The artist was able to promote the residency in two radio shows on Resonance FM. In Wavelength an afternoon show, within a broader discussion of the future of sound art in Senate House, the legacy that it is hoped has been secured due to the impact of the Leverhulme Trust residency on the Library’s public engagement activities. The artist concluded the show with a live radio version of the Summer Open Studio mix. The second show focused on the sound art of the project, the artist’s work and the Leverhulme residency in the context of the artist’s career before and after the residency, how the residency has shaped the artists creativity and how this relates to future work for the artist, in The Sound Projector Show. Having been introduced to Ed Pinsent, who curates The Sound Projector magazine and radio show on Resonance FM, through Maureen Mc'Taggart, the artist was offered a 90minute show. Material from the Open Studio mixes and Listening Chair loops were edited, prepared along with material from individual recordings of some of the poignant, distinctive sonic features of Senate House and the library, such as the listed boiler room and the sound of the membership hall. The forthcoming installation The Memory Hole Machine and performance ‘Hacking The Silence’ were described and promoted drawing on the relationship between Senate House, used as The Ministry of Information in the War and The Ministry of Truth, in George Orwell’s dystopian novel 1984. The show concluded with a live piece based on the material used in the Dada-ist mix performed in Salon Voltaire, in a unique radio improvisation in collaboration with the artist’s fellow band member.

The artist was also interviewed, by Marta Bausell, journalist reporting for ID magazine, formerly of the Guardian, discussing the residency, the work created through the residency and the building in which it was carried out.

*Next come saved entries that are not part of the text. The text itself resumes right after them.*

(* Let $(A_C,\mathcal R_A)$ be an autocatalytic core of a CRN. Then its stoichiometric matrix $\overline{\mathbb S}=(\mathbb S)_{A_C}^{\mathcal R_A}$ is a minimal semi-positive matrix.
   Context: A chemical reaction network (CRN) consists of a finite species set $\mathcal S$ and a finite set $\mathcal R$ of reactions; each reaction $r$ is written $r^-\to r^+$ with input complex $r^-\in\mathbb Z_{\ge0}^{\mathcal S}$ and output complex $r^+\in\mathbb Z_{\ge0}^{\mathcal S}$. The input and output matrices $\mathbb S^-,\mathbb S^+$ are the $\mathcal S\times\mathcal R$ matrices whose column indexed by $r$ is $r^-$, resp. $r^+$; the stoichiometric matrix is $\mathbb S=\mathbb S^+-\mathbb S^-$. For a matrix $\mathbb A$ with rows indexed by $\mathcal S$ and columns by $\mathcal R$ and subsets $M\subseteq\mathcal S$, $N\subseteq\mathcal R$, $(\mathbb A)_M^N$ is the submatrix with rows in $M$ and columns in $N$. For a vector $\mathbf v$: $\mathbf v\gg\mathbf 0$ means all entries are $>0$; $\mathbf v>\mathbf 0$ (semi-positive) means all entries are $\ge0$ and $\mathbf v\ne\mathbf 0$. A motif is a pair $(\mathcal M,\mathcal R')$ with $\mathcal M\subseteq\mathcal S$, $\mathcal R'\subseteq\mathcal R$. It is exclusively autocatalytic if: (i) there is $\mathbf v\in\mathbb R^{\mathcal R'}$, $\mathbf v\gg\mathbf0$, with $(\mathbb S)_{\mathcal M}^{\mathcal R'}\mathbf v\gg\mathbf 0$; (ii) every row of $(\mathbb S^-)_{\mathcal M}^{\mathcal R'}$ is semi-positive; (iii) every column of $(\mathbb S^-)_{\mathcal M}^{\mathcal R'}$ is semi-positive. An autocatalytic core is an exclusively autocatalytic motif $(A_C,\mathcal R_A)$ such that no motif $(\mathcal M',\mathcal R'')\neq(A_C,\mathcal R_A)$ with $\mathcal M'\subseteq A_C$ and $\mathcal R''\subseteq\mathcal R_A$ is exclusively autocatalytic. A real matrix $\mathbb A$ is semi-positive if there is $\mathbf v\gg\mathbf 0$ with $\mathbb A\mathbf v\gg\mathbf0$; it is minimal semi-positive if it is semi-positive and no matrix obtained from $\mathbb A$ by deleting one or more columns is semi-positive. *)

From mathcomp Require Import all_boot all_order all_algebra.
From mathcomp Require Import reals.
Set Implicit Arguments. Unset Strict Implicit. Unset Printing Implicit Defensive.
Import Order.TTheory GRing.Theory Num.Theory.
Local Open Scope ring_scope.

(* A chemical reaction network: finite species type [S], finite reaction
   type [Rx], input matrix [Sin] (column r = r^-) and output matrix [Sout]
   (column r = r^+), with nonnegative integer entries. *)
Record CRN := {
  species : finType;
  reaction : finType;
  Sin : species -> reaction -> nat;
  Sout : species -> reaction -> nat }.

Definition stoich (R : realType) (G : CRN) (s : species G) (r : reaction G) : R :=
  (Sout s r)%:R - (Sin s r)%:R.

Definition semipositive_sub (R : realType) (I J : finType) (A : I -> J -> R)
    (P : {set I}) (Q : {set J}) : Prop :=
  exists v : J -> R,
    (forall j, j \in Q -> 0 < v j) /\
    (forall i, i \in P -> 0 < \sum_(j in Q) A i j * v j).

Definition minimal_semipositive_sub (R : realType) (I J : finType)
    (A : I -> J -> R) (P : {set I}) (Q : {set J}) : Prop :=
  semipositive_sub A P Q /\
  (forall Q' : {set J}, Q' \proper Q -> ~ semipositive_sub A P Q').

(* Exclusively autocatalytic motif (M, N); a motif is taken to be nonempty. *)
Definition exclusively_autocatalytic (R : realType) (G : CRN)
    (M : {set species G}) (N : {set reaction G}) : Prop :=
  [/\ M != set0, N != set0,
      (* (i) *)  semipositive_sub (@stoich R G) M N,
      (* (ii) every row of (S^-)_M^N is semi-positive (entries are >= 0) *)
      (forall s, s \in M -> exists2 r, r \in N & Sin s r != 0%N) &
      (* (iii) every column of (S^-)_M^N is semi-positive *)
      (forall r, r \in N -> exists2 s, s \in M & Sin s r != 0%N)].

Definition autocatalytic_core (R : realType) (G : CRN)
    (AC : {set species G}) (RA : {set reaction G}) : Prop :=
  exclusively_autocatalytic R AC RA /\
  (forall (M' : {set species G}) (N' : {set reaction G}),
      M' \subset AC -> N' \subset RA -> (M', N') <> (AC, RA) ->
      ~ exclusively_autocatalytic R M' N').

(* Semi-positivity is condition (i) of exclusive autocatalysis.  For
   minimality, suppose the columns Q' ⊊ R_A already give a semi-positive
   matrix (S)_{A_C}^{Q'}.  Keep only the species of A_C that some reaction of
   Q' consumes: the motif (consumed A_C Q', Q') is again exclusively
   autocatalytic, since
   - deleting rows preserves semi-positivity, giving (i);
   - every kept species is consumed inside Q' by construction, giving (ii);
   - every reaction of Q' ⊆ R_A consumes a species of A_C by (iii) for the
     core, and that species is kept, giving (iii) and non-emptiness;
   - Q' is nonempty because an empty column set cannot make a row positive.
   As Q' ≠ R_A, this motif contradicts the minimality of the core. *)
From mathcomp Require Import all_boot all_order all_algebra.
From mathcomp Require Import reals.
Set Implicit Arguments. Unset Strict Implicit. Unset Printing Implicit Defensive.
Import Order.TTheory GRing.Theory Num.Theory.
Local Open Scope ring_scope.

Section SemiPositive.
Variables (R : realType) (I J : finType) (A : I -> J -> R).

Lemma semipositive_sub_rows (P P' : {set I}) (Q : {set J}) :
  P' \subset P -> semipositive_sub A P Q -> semipositive_sub A P' Q.
Proof.
move=> /subsetP sPP' [v [vpos Av]]; exists v; split=> // i iP'.
exact: Av (sPP' i iP').
Qed.

Lemma semipositive_sub_cols_neq0 (P : {set I}) (Q : {set J}) :
  P != set0 -> semipositive_sub A P Q -> Q != set0.
Proof.
case/set0Pn=> i iP [v [_ Av]]; apply/eqP=> Q0.
by move: (Av i iP); rewrite Q0 big_set0 ltxx.
Qed.

End SemiPositive.

Section ConsumedSpecies.
Variables (R : realType) (G : CRN).

Definition consumed (M : {set species G}) (N : {set reaction G}) :
    {set species G} :=
  [set s in M | [exists r in N, Sin s r != 0%N]].

Lemma consumed_sub (M : {set species G}) (N : {set reaction G}) :
  consumed M N \subset M.
Proof. by apply/subsetP=> s; rewrite inE => /andP[]. Qed.

Lemma consumed_exclusively_autocatalytic
    (M : {set species G}) (N : {set reaction G}) :
  N != set0 ->
  semipositive_sub (@stoich R G) M N ->
  (forall r, r \in N -> exists2 s, s \in M & Sin s r != 0%N) ->
  exclusively_autocatalytic R (consumed M N) N.
Proof.
move=> Nn spMN cols.
have colsC r : r \in N -> exists2 s, s \in consumed M N & Sin s r != 0%N.
  move=> rN; have [s sM srN] := cols r rN.
  by exists s => //; rewrite inE sM; apply/existsP; exists r; rewrite rN.
split=> //.
- by case/set0Pn: Nn => r /colsC [s sC _]; apply/set0Pn; exists s.
- exact: semipositive_sub_rows (consumed_sub M N) spMN.
- by move=> s; rewrite inE => /andP[_ /existsP[r /andP[rN srN]]]; exists r.
Qed.

End ConsumedSpecies.

Theorem mainTheorem4 (R : realType) (G : CRN)
    (AC : {set species G}) (RA : {set reaction G}) :
  autocatalytic_core R AC RA ->
  minimal_semipositive_sub (@stoich R G) AC RA.
Proof.
move=> [[ACn _ spCore _ colsCore] coreMin]; split=> // Q' ltQ' spQ'.
have sQ' : Q' \subset RA := proper_sub ltQ'.
have neQ' : Q' != RA by move: ltQ'; rewrite properEneq => /andP[].
have colsQ' r : r \in Q' -> exists2 s, s \in AC & Sin s r != 0%N.
  by move=> rQ'; apply: colsCore; apply: (subsetP sQ').
apply: (coreMin (consumed AC Q') Q' (consumed_sub AC Q') sQ').
- by case=> _ eQ'; rewrite eQ' eqxx in neQ'.
- apply: consumed_exclusively_autocatalytic => //.
  exact: semipositive_sub_cols_neq0 ACn spQ'.
Qed.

A photographer came and shot the artist field-recording with John Stone of Estates granting access to the Senate House rooftop.

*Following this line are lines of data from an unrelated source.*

(* Let $\mathcal{H}_1,\dots,\mathcal{H}_J$ be real or complex Hilbert spaces and $\Sigma_j\subset\mathcal{H}_j$ cones. Let $\mathcal{H}=\mathcal{H}_1\times\dots\times\mathcal{H}_J$ with inner product $\langle(x_j)_j,(y_j)_j\rangle=\sum_j\langle x_j,y_j\rangle_{\mathcal{H}_j}$ and $\Sigma=\Sigma_1\times\dots\times\Sigma_J$. Then for all $(x_1,\dots,x_J)\in\mathcal{H}$, $$\|(x_1,\dots,x_J)\|_\Sigma^2=\sum_{j=1}^J\|x_j\|_{\Sigma_j}^2.$$
   Context: A cone is a set closed under multiplication by nonnegative scalars. For a cone $C$ in a Hilbert space with unit sphere $S(1)$, $\|x\|_C=\inf\{t\ge0:x\in t\cdot\overline{\mathrm{conv}}(C\cap S(1))\}$, with value $+\infty$ if no such $t$ exists (and the usual convention $(+\infty)^2=+\infty$, sums involving $+\infty$ equal $+\infty$). *)

From HB Require Import structures.
From mathcomp Require Import all_boot all_order all_algebra.
From mathcomp Require Import all_classical all_reals ereal.
From mathcomp Require Import complex.
Set Implicit Arguments. Unset Strict Implicit. Unset Printing Implicit Defensive.
Import Order.TTheory GRing.Theory Num.Theory.
Local Open Scope ring_scope.
Local Open Scope classical_set_scope.

(* Hilbert spaces over a scalar field K that is either R or C = R[i].        *)
(* The scalar field is described by: conj (conjugation), re (real part) and  *)
(* ofR (embedding of the reals).  Real case: K = R, conj = re = ofR = id.    *)
(* Complex case: K = R[i], conj = conjc, re = Re, ofR = x |-> x%:C.          *)
Section HilbertDef.
Variables (R : realType) (K : fieldType) (conj : K -> K) (re : K -> R).

Record hilbert_axioms (V : lmodType K) (inner : V -> V -> K) : Prop := {
  inner_addl : forall x y z, inner (x + y) z = inner x z + inner y z;
  inner_scalel : forall (a : K) x y, inner (a *: x) y = a * inner x y;
  inner_conj : forall x y, inner y x = conj (inner x y);
  inner_ge0 : forall x, 0 <= re (inner x x);
  inner_eq0 : forall x, re (inner x x) = 0 -> x = 0;
  inner_complete : forall u : nat -> V,
    (forall e : R, 0 < e -> exists N : nat, forall m n : nat,
        (N <= m)%N -> (N <= n)%N ->
        Num.sqrt (re (inner (u m - u n) (u m - u n))) < e) ->
    exists l : V, forall e : R, 0 < e -> exists N : nat, forall n : nat,
        (N <= n)%N -> Num.sqrt (re (inner (u n - l) (u n - l))) < e }.

Structure hilbertSpace := HilbertSpace {
  hcarrier :> lmodType K;
  hinner : hcarrier -> hcarrier -> K;
  hilbertP : hilbert_axioms hinner }.

End HilbertDef.

Section Gauge.
Variables (R : realType) (V : Type) (add : V -> V -> V) (zero : V)
  (opp : V -> V) (scale : R -> V -> V) (norm : V -> R).

Definition is_cone (C : set V) : Prop :=
  forall (t : R) (x : V), 0 <= t -> C x -> C (scale t x).

Definition unit_sphere : set V := [set x | norm x = 1].

Definition conv_hull (A : set V) : set V :=
  [set x | exists (n : nat) (w : 'I_n -> R) (a : 'I_n -> V),
     [/\ (forall i, 0 <= w i), \sum_(i < n) w i = 1, (forall i, A (a i)) &
         x = \big[add/zero]_(i < n) scale (w i) (a i)]].

Definition norm_closure (A : set V) : set V :=
  [set x | forall e : R, 0 < e -> exists2 a, A a & norm (add x (opp a)) < e].

Definition dilate (t : R) (A : set V) : set V := [set scale t a | a in A].

Definition cone_gauge (C : set V) (x : V) : \bar R :=
  ereal_inf [set (t%:E)%E | t in
    [set t : R | 0 <= t /\ dilate t (norm_closure (conv_hull (C `&` unit_sphere))) x]].

End Gauge.

Section HilbertGauge.
Variables (R : realType) (K : fieldType) (conj : K -> K) (re : K -> R)
  (ofR : R -> K).

Definition hnorm (H : hilbertSpace conj re) (x : H) : R :=
  Num.sqrt (re (hinner x x)).

Definition hcone (H : hilbertSpace conj re) (C : set H) : Prop :=
  is_cone (fun (t : R) (v : H) => ofR t *: v) C.

Definition hgauge (H : hilbertSpace conj re) (C : set H) (x : H) : \bar R :=
  cone_gauge +%R 0 -%R (fun (t : R) (v : H) => ofR t *: v) (@hnorm H) C x.

Variables (J : nat) (H : 'I_J -> hilbertSpace conj re).

Definition prod_add (x y : forall j, H j) : forall j, H j := fun j => x j + y j.
Definition prod_zero : forall j, H j := fun j => 0.
Definition prod_opp (x : forall j, H j) : forall j, H j := fun j => - x j.
Definition prod_scale (t : R) (x : forall j, H j) : forall j, H j :=
  fun j => ofR t *: x j.
Definition prod_inner (x y : forall j, H j) : K :=
  \sum_(j < J) hinner (x j) (y j).
Definition prod_norm (x : forall j, H j) : R := Num.sqrt (re (prod_inner x x)).

Definition prod_set (Sigma : forall j, set (H j)) : set (forall j, H j) :=
  [set x | forall j, Sigma j (x j)].

Definition prod_gauge (C : set (forall j, H j)) (x : forall j, H j) : \bar R :=
  cone_gauge prod_add prod_zero prod_opp prod_scale prod_norm C x.

End HilbertGauge.

(* Call H_j = closure (conv (Sigma_j /\ S(1))) and H the analogous set of the
   product.  Every point of conv (Sigma /\ S(1)) has components c_j z_j with
   z_j in conv (Sigma_j /\ S(1)) and c >= 0 in the Euclidean unit ball (the bound
   on c is Jensen's inequality); by compactness of that ball the same holds for H
   with z_j in H_j.  Conversely, if c >= 0 has |c| = 1 and z_j in H_j, then
   (c_j z_j)_j lies in H, since this map is affine in each z_j separately.  Thus
   x in t H yields x_j in (t c_j) H_j with sum_j c_j^2 <= 1, while x_j in t_j H_j
   for all j yields x in (sum_j t_j^2)^(1/2) H; taking infima, the squared gauge
   of x is the sum of the squared gauges of its components. *)

From HB Require Import structures.
From mathcomp Require Import all_boot all_order all_algebra.
From mathcomp Require Import all_classical all_reals ereal.
From mathcomp Require Import complex.
From mathcomp Require Import lra ring.
From mathcomp Require Import topology normedtype.
Set Implicit Arguments. Unset Strict Implicit. Unset Printing Implicit Defensive.
Import Order.TTheory GRing.Theory Num.Theory.
Import numFieldNormedType.Exports.
Local Open Scope ring_scope.
Local Open Scope classical_set_scope.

The artist felt that it was important to highlight the importance of libraries such as Senate House Library and the unique, radical character of it’s collections, how they relate to the collections in the Bodleian and British libraries, thus ensuring that the importance of the SHL Collections are acknowledged so that a fuller understanding of the past can be discovered, for those that look. Without the stories told by Collections such as those held in Senate House Library, then our understanding of the past is narrowed and skewed. 

Therefore, the artist described the incredible opportunity presented to her through the library and The Leverhulme Trust, but also, the extraordinary history of the Library and of Senate House, both technologically and culturally and how it reflects the tensions and conflicted nature of British identity in the twentieth and twenty-first centuries.

The artist used the blog space to write a Diary of A Sound Artist, to describe the Open Studios at key weeks through the year and progress through the development of the Memory Hole. By the time the first Memory Hole Machine prototype was in 'The Shop' the artist was tweeting virtually every day. Facebook was used and Instagram, although the artist has learnt that more Instagram activity and shorter, more frequent blog posts would have helped to boost the online presence of the residency activities, to a greater extent than Twitter and Facebook. The artist used the Being Human social media campaign in the final six weeks before the start of the Being Human festival

The artist shot videos with a camera and phone uploaded to Vimeo to embed in the blog pages and over social media. Images were taken while recording to help the artist record the metadata for the field-recordings accurately and used in the online content.